Le considerazioni chiave includono l'implementazione di controlli rigorosi per le identità non umane, l'adozione di metodi di autenticazione resistenti al phishing, come le passkey, e l'integrazione della governance della cybersecurity nelle strategie di implementazione dell'AI sin dall'inizio. Questo approccio garantisce che l'AI funga da meccanismo di rafforzamento della cyber resilience, anziché creare un ulteriore debito di sicurezza.

Le strategie di cyber resilience continuano a evolversi via via che le nuove tecnologie creano sia opportunità che minacce per la sicurezza. Le piattaforme Extended Detection and Response (XDR) stanno maturando per fornire il rilevamento integrato delle minacce su più livelli di sicurezza, mentre i sistemi di rilevamento delle minacce basati su AI avanzano per identificare modelli di attacco sofisticati che sfuggono agli strumenti tradizionali. Invece di sostituire le competenze umane, l'AI le sta amplificando.
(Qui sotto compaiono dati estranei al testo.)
(* Let $(\mathbf{L},\mathbf{R})\in\mathcal{P}_{\mathsf N}$ be superbalanced and suppose it admits a contraction map. Then for all $i,j\in[\mathsf N+1]$, the null reduction on $i$ of the purification on $j$ of $(\mathbf{L},\mathbf{R})$ admits a contraction map (or is empty).
   Context: $\mathcal{P}_{\mathsf N}$ denotes the set of pairs $(\mathbf{L},\mathbf{R})$ of $(0,1)$-matrices, $\mathbf{L}$ of size $(\mathsf N+1)\times m_L$ and $\mathbf{R}$ of size $(\mathsf N+1)\times m_R$, such that some index $p\in[\mathsf N+1]$ has row $p$ of $\mathbf{L}$ and row $p$ of $\mathbf{R}$ both zero. $\mathbf{A}_{(i)}$ denotes the $i$-th row of $\mathbf{A}$; $e$ is the all-ones row vector; $|x-x'|$ is the Hamming distance of bit strings. A contraction map for $(\mathbf{L},\mathbf{R})$ is a map $f:\{0,1\}^{m_L}\to\{0,1\}^{m_R}$ with $f(\mathbf{L}_{(i)})=\mathbf{R}_{(i)}$ for all $i$ and $|x-x'|\ge|f(x)-f(x')|$ for all $x,x'$. The pair is superbalanced if $\mathbf{L}_{(i)}\cdot\mathbf{L}_{(j)}=\mathbf{R}_{(i)}\cdot\mathbf{R}_{(j)}$ for all $i,j$. The purification on $j$ of $(\mathbf{L},\mathbf{R})$ is the pair $(\mathbf{L}+_2 e^T\mathbf{L}_{(j)},\ \mathbf{R}+_2 e^T\mathbf{R}_{(j)})$, where $+_2$ is entrywise addition mod 2; i.e. every column of $\mathbf{L}$ (resp. $\mathbf{R}$) with a $1$ in row $j$ is bit-flipped entirely, and other columns are unchanged (row $j$ becomes zero in both). The null reduction on $i$ of a pair keeps exactly the columns of each matrix that have a $1$ in row $i$. *)

(* (0,1)-matrices are boolean matrices 'M[bool]_(n, m);
   bit strings in {0,1}^m are row vectors 'rV[bool]_m. *)
From mathcomp Require Import all_boot all_algebra.
Set Implicit Arguments. Unset Strict Implicit. Unset Printing Implicit Defensive.

Definition hamming (m : nat) (x y : 'rV[bool]_m) : nat :=
  #|[set k : 'I_m | x ord0 k != y ord0 k]|.

Definition is_contraction_map (n mL mR : nat)
  (L : 'M[bool]_(n, mL)) (R : 'M[bool]_(n, mR))
  (f : 'rV[bool]_mL -> 'rV[bool]_mR) : Prop :=
  (forall i : 'I_n, f (row i L) = row i R) /\
  (forall x x' : 'rV[bool]_mL, hamming (f x) (f x') <= hamming x x').

Definition admits_contraction_map (n mL mR : nat)
  (L : 'M[bool]_(n, mL)) (R : 'M[bool]_(n, mR)) : Prop :=
  exists f, is_contraction_map L R f.

Definition in_P (N mL mR : nat)
  (L : 'M[bool]_(N.+1, mL)) (R : 'M[bool]_(N.+1, mR)) : Prop :=
  exists p : 'I_N.+1, (forall k, L p k = false) /\ (forall k, R p k = false).

Definition rowdot (n m : nat) (A : 'M[bool]_(n, m)) (i j : 'I_n) : nat :=
  #|[set k : 'I_m | A i k && A j k]|.

Definition superbalanced (n mL mR : nat)
  (L : 'M[bool]_(n, mL)) (R : 'M[bool]_(n, mR)) : Prop :=
  forall i j : 'I_n, rowdot L i j = rowdot R i j.

(* A +_2 e^T A_(j) : every column with a 1 in row j is bit-flipped. *)
Definition purify (n m : nat) (j : 'I_n) (A : 'M[bool]_(n, m)) : 'M[bool]_(n, m) :=
  \matrix_(r, k) (A r k (+) A j k).

Definition null_cols (n m : nat) (i : 'I_n) (A : 'M[bool]_(n, m)) : {set 'I_m} :=
  [set k | A i k].

(* Null reduction on i: keep exactly the columns with a 1 in row i
   (in their original order). *)
Definition null_reduce (n m : nat) (i : 'I_n) (A : 'M[bool]_(n, m))
  : 'M[bool]_(n, #|null_cols i A|) :=
  \matrix_(r, k) A r (enum_val k).

From mathcomp Require Import all_boot all_algebra.
From mathcomp Require Import zify.
Set Implicit Arguments. Unset Strict Implicit. Unset Printing Implicit Defensive.

(* Purifying on j turns row j into zero rows of both matrices and keeps the pair
   superbalanced, and conjugating a contraction map by the translations
   x |-> x + L_(j), y |-> y + R_(j) gives a contraction map of the purified pair.
   So we may assume rows j vanish, i.e. f(0) = 0 and weights do not increase.
   If supp x is contained in row i of L, then comparing d(f x, 0) <= |x| and
   d(f x, R_(i)) <= |L_(i)| - |x| with |R_(i)| = |L_(i)| forces supp (f x) to be
   contained in R_(i) and to have weight |x|.  Hence f maps the meet L_(r) /\ L_(i)
   to a subset of R_(r) /\ R_(i) of the same weight, which by superbalance is the
   meet itself.  Null reduction on i amounts to restricting to these meets, so
   f, extended by zeros and restricted to the kept columns, contracts the reduced
   pair. *)

Definition supp m (x : 'rV[bool]_m) : {set 'I_m} := [set k | x ord0 k].

Lemma supp_inj m : injective (@supp m).
Proof.
move=> x y /setP exy; apply/rowP=> k.
by have := exy k; rewrite !inE.
Qed.

Lemma hamming_supp m (x y : 'rV[bool]_m) :
  hamming x y + 2 * #|supp x :&: supp y| = #|supp x| + #|supp y|.
Proof.
have card_sum (P : pred 'I_m) : #|[set k | P k]| = \sum_k (P k : nat).
  by rewrite -sum1_card big_mkcond; apply: eq_bigr => k _; rewrite inE; case: (P k).
rewrite /hamming /supp.
have -> : [set k | x ord0 k] :&: [set k | y ord0 k] = [set k | x ord0 k && y ord0 k].
  by apply/setP=> k; rewrite !inE.
rewrite !card_sum big_distrr -!big_split; apply: eq_bigr => k _.
by case: (x ord0 k); case: (y ord0 k).
Qed.

Lemma hamming_supp0 m (x y : 'rV[bool]_m) :
  supp y = set0 -> hamming x y = #|supp x|.
Proof. by move=> y0; have := hamming_supp x y; rewrite y0 setI0 cards0; lia. Qed.

Lemma rowdotE n m (A : 'M[bool]_(n, m)) (r s : 'I_n) :
  rowdot A r s = #|supp (row r A) :&: supp (row s A)|.
Proof. by apply: eq_card => k; rewrite !inE !mxE. Qed.

Lemma rowdot_diag n m (A : 'M[bool]_(n, m)) (r : 'I_n) :
  rowdot A r r = #|supp (row r A)|.
Proof. by rewrite rowdotE setIid. Qed.

Definition xorv m (x c : 'rV[bool]_m) : 'rV[bool]_m := \row_k (x ord0 k (+) c ord0 k).

Lemma xorvK m (c : 'rV[bool]_m) : involutive (fun x => xorv x c).
Proof. by move=> x; apply/rowP=> k; rewrite !mxE addbK. Qed.

Lemma hamming_xorv m (x y c : 'rV[bool]_m) : hamming (xorv x c) (xorv y c) = hamming x y.
Proof.
by apply: eq_card => k; rewrite !inE !mxE; case: (x ord0 k); case: (y ord0 k); case: (c ord0 k).
Qed.

Lemma card_supp_xorv m (x c : 'rV[bool]_m) : #|supp (xorv x c)| = hamming x c.
Proof. by apply: eq_card => k; rewrite !inE mxE; case: (x ord0 k); case: (c ord0 k). Qed.

Definition andv m (x y : 'rV[bool]_m) : 'rV[bool]_m := \row_k (x ord0 k && y ord0 k).

Lemma supp_andv m (x y : 'rV[bool]_m) : supp (andv x y) = supp x :&: supp y.
Proof. by apply/setP=> k; rewrite !inE mxE. Qed.

Section Purification.

Variables (n : nat) (j : 'I_n).

Lemma row_purify m (A : 'M[bool]_(n, m)) (r : 'I_n) :
  row r (purify j A) = xorv (row r A) (row j A).
Proof. by apply/rowP=> k; rewrite !mxE. Qed.

Lemma supp_row_purify_self m (A : 'M[bool]_(n, m)) : supp (row j (purify j A)) = set0.
Proof. by apply/setP=> k; rewrite !inE !mxE addbb. Qed.

(* Every rowdot of the purified matrix is an integer combination of rowdots of
   the original one, via hamming_supp. *)
Lemma superbalanced_purify mA mB (A : 'M[bool]_(n, mA)) (B : 'M[bool]_(n, mB)) :
  superbalanced A B -> superbalanced (purify j A) (purify j B).
Proof.
move=> sbAB r s; rewrite !rowdotE !row_purify.
have := hamming_supp (xorv (row r A) (row j A)) (xorv (row s A) (row j A)).
have := hamming_supp (xorv (row r B) (row j B)) (xorv (row s B) (row j B)).
rewrite !hamming_xorv !card_supp_xorv.
have := hamming_supp (row r A) (row s A); have := hamming_supp (row r B) (row s B).
have := hamming_supp (row r A) (row j A); have := hamming_supp (row r B) (row j B).
have := hamming_supp (row s A) (row j A); have := hamming_supp (row s B) (row j B).
move: (sbAB r s) (sbAB r j) (sbAB s j) (sbAB r r) (sbAB s s) (sbAB j j).
rewrite !rowdotE !setIid; lia.
Qed.

Lemma contraction_purify mA mB (A : 'M[bool]_(n, mA)) (B : 'M[bool]_(n, mB)) f :
  is_contraction_map A B f ->
  is_contraction_map (purify j A) (purify j B)
    (fun x => xorv (f (xorv x (row j A))) (row j B)).
Proof.
move=> [f_rows f_contr]; split=> [r | x x'].
  by rewrite !row_purify xorvK f_rows.
by rewrite hamming_xorv; apply: leq_trans (f_contr _ _) _; rewrite hamming_xorv.
Qed.

End Purification.

Section Restriction.

Variables (m : nat) (S : {set 'I_m}).

Definition restrict (x : 'rV[bool]_m) : 'rV[bool]_#|S| := \row_t x ord0 (enum_val t).

Definition extend0 (y : 'rV[bool]_#|S|) : 'rV[bool]_m :=
  \row_k [exists t, (enum_val t == k) && y ord0 t].

Lemma extend0E y t : extend0 y ord0 (enum_val t) = y ord0 t.
Proof.
rewrite mxE; apply/existsP/idP => [[t' /andP [/eqP /enum_val_inj -> //]] | yt].
by exists t; rewrite eqxx.
Qed.

Lemma extend0_notin y k : k \notin S -> extend0 y ord0 k = false.
Proof.
move=> kS; rewrite mxE; apply/existsP => -[t /andP [/eqP tk _]].
by move: (enum_valP t); rewrite tk (negbTE kS).
Qed.

Lemma hamming_restrict x x' : hamming (restrict x) (restrict x') <= hamming x x'.
Proof.
rewrite /hamming -(card_imset _ (@enum_val_inj _ (mem S))).
apply: subset_leq_card; apply/subsetP=> k /imsetP [t].
by rewrite !inE !mxE => xx't ->.
Qed.

Lemma hamming_extend0 y y' : hamming (extend0 y) (extend0 y') <= hamming y y'.
Proof.
rewrite /hamming; apply: leq_trans (leq_imset_card (@enum_val _ (mem S)) _).
apply: subset_leq_card; apply/subsetP=> k; rewrite inE.
have [kS | kS] := boolP (k \in S); last by rewrite !extend0_notin.
rewrite -(enum_rankK_in kS kS) !extend0E => yy'k.
by apply/imsetP; exists (enum_rank_in kS k); rewrite ?inE.
Qed.

End Restriction.

Section NullReduction.

Variables (n m : nat) (i : 'I_n) (A : 'M[bool]_(n, m)).

Lemma row_null_reduce r : row r (null_reduce i A) = restrict (null_cols i A) (row r A).
Proof. by apply/rowP=> t; rewrite !mxE. Qed.

Lemma extend0_restrict_null_cols x :
  extend0 (restrict (null_cols i A) x) = andv x (row i A).
Proof.
apply/rowP=> k; rewrite [RHS]mxE [row _ _ _ _]mxE.
have [kS | kS] := boolP (k \in null_cols i A).
  rewrite -(enum_rankK_in kS kS) extend0E mxE.
  by move: (enum_valP (enum_rank_in kS k)); rewrite inE => ->; rewrite andbT.
by rewrite extend0_notin //; move: kS; rewrite inE => /negbTE ->; rewrite andbF.
Qed.

Lemma restrict_null_cols_andv x :
  restrict (null_cols i A) (andv x (row i A)) = restrict (null_cols i A) x.
Proof.
apply/rowP=> t; rewrite !mxE.
by move: (enum_valP t); rewrite inE => ->; rewrite andbT.
Qed.

End NullReduction.

Section ContractionOnMeets.

Variables (n mA mB : nat) (A : 'M[bool]_(n, mA)) (B : 'M[bool]_(n, mB)).
Variables (g : 'rV[bool]_mA -> 'rV[bool]_mB) (j : 'I_n).
Hypothesis sbAB : superbalanced A B.
Hypothesis g_contr : is_contraction_map A B g.
Hypothesis A_j0 : supp (row j A) = set0.
Hypothesis B_j0 : supp (row j B) = set0.

Lemma contraction_card_supp_le x : #|supp (g x)| <= #|supp x|.
Proof.
have := (proj2 g_contr) x (row j A).
by rewrite (proj1 g_contr) !hamming_supp0.
Qed.

Lemma contraction_supp_sub_row x (i : 'I_n) :
  supp x \subset supp (row i A) ->
  supp (g x) \subset supp (row i B) /\ #|supp (g x)| = #|supp x|.
Proof.
move=> /setIidPl xi.
have := (proj2 g_contr) x (row i A); rewrite (proj1 g_contr).
have := hamming_supp x (row i A); have := hamming_supp (g x) (row i B).
have := contraction_card_supp_le x.
have := subset_leq_card (subsetIl (supp (g x)) (supp (row i B))).
move: (sbAB i i); rewrite !rowdot_diag xi => ABi ? ? ? ? ?.
have gx_i : #|supp (g x) :&: supp (row i B)| = #|supp (g x)| by lia.
split; last by lia.
by apply/setIidPl/eqP; rewrite eqEcard subsetIl gx_i leqnn.
Qed.

Lemma contraction_andv_rows (r i : 'I_n) :
  g (andv (row r A) (row i A)) = andv (row r B) (row i B).
Proof.
set z := andv _ _; apply: supp_inj; rewrite supp_andv.
have zr : supp z \subset supp (row r A) by rewrite supp_andv subsetIl.
have zi : supp z \subset supp (row i A) by rewrite supp_andv subsetIr.
have [[gr card_gz] [gi _]] := (contraction_supp_sub_row zr, contraction_supp_sub_row zi).
apply/eqP; rewrite eqEcard subsetI gr gi card_gz.
by rewrite /z supp_andv -!rowdotE sbAB leqnn.
Qed.

Lemma null_reduce_contraction (i : 'I_n) :
  admits_contraction_map (null_reduce i A) (null_reduce i B).
Proof.
exists (fun y => restrict (null_cols i B) (g (extend0 y))); split=> [r | y y'].
  by rewrite !row_null_reduce extend0_restrict_null_cols contraction_andv_rows
    restrict_null_cols_andv.
apply: leq_trans (hamming_restrict _ _ _) _.
by apply: leq_trans (proj2 g_contr _ _) _; apply: hamming_extend0.
Qed.

End ContractionOnMeets.

Theorem corollary1 (N mL mR : nat)
  (L : 'M[bool]_(N.+1, mL)) (R : 'M[bool]_(N.+1, mR)) :
  in_P L R ->
  superbalanced L R ->
  admits_contraction_map L R ->
  forall i j : 'I_N.+1,
    admits_contraction_map (null_reduce i (purify j L)) (null_reduce i (purify j R))
    \/ (#|null_cols i (purify j L)| = 0 /\ #|null_cols i (purify j R)| = 0).
Proof.
(* Purification already produces the zero row that membership in P_N provides. *)
move=> _ sbLR [f f_contr] i j; left.
apply: (null_reduce_contraction (superbalanced_purify j sbLR)
  (contraction_purify j f_contr)); exact: supp_row_purify_self.
Qed.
Nello studio IBM Institute for Business Value (IBV), Cybersecurity 2028, il 65% dei dirigenti intervistati riferisce che AI e automazione stanno creando ambienti più produttivi per i team IT e di sicurezza. Il 62% ha affermato di aver già riscontrato notevoli ritorni dalle funzionalità di intelligenza artificiale integrate.

Il quantum computing cambierà radicalmente anche la cybersecurity, rendendo inadeguati gli attuali metodi di crittografia. Tuttavia, supporterà anche la crittografia quantistica e la distribuzione di chiavi quantistiche per una maggiore sicurezza.

Sostenere la cyber resilience richiede un adattamento continuo, investimenti strategici e sforzi per ottimizzare l'Integrazione delle Tecnologie mantenendo al contempo i principi di sicurezza fondamentali.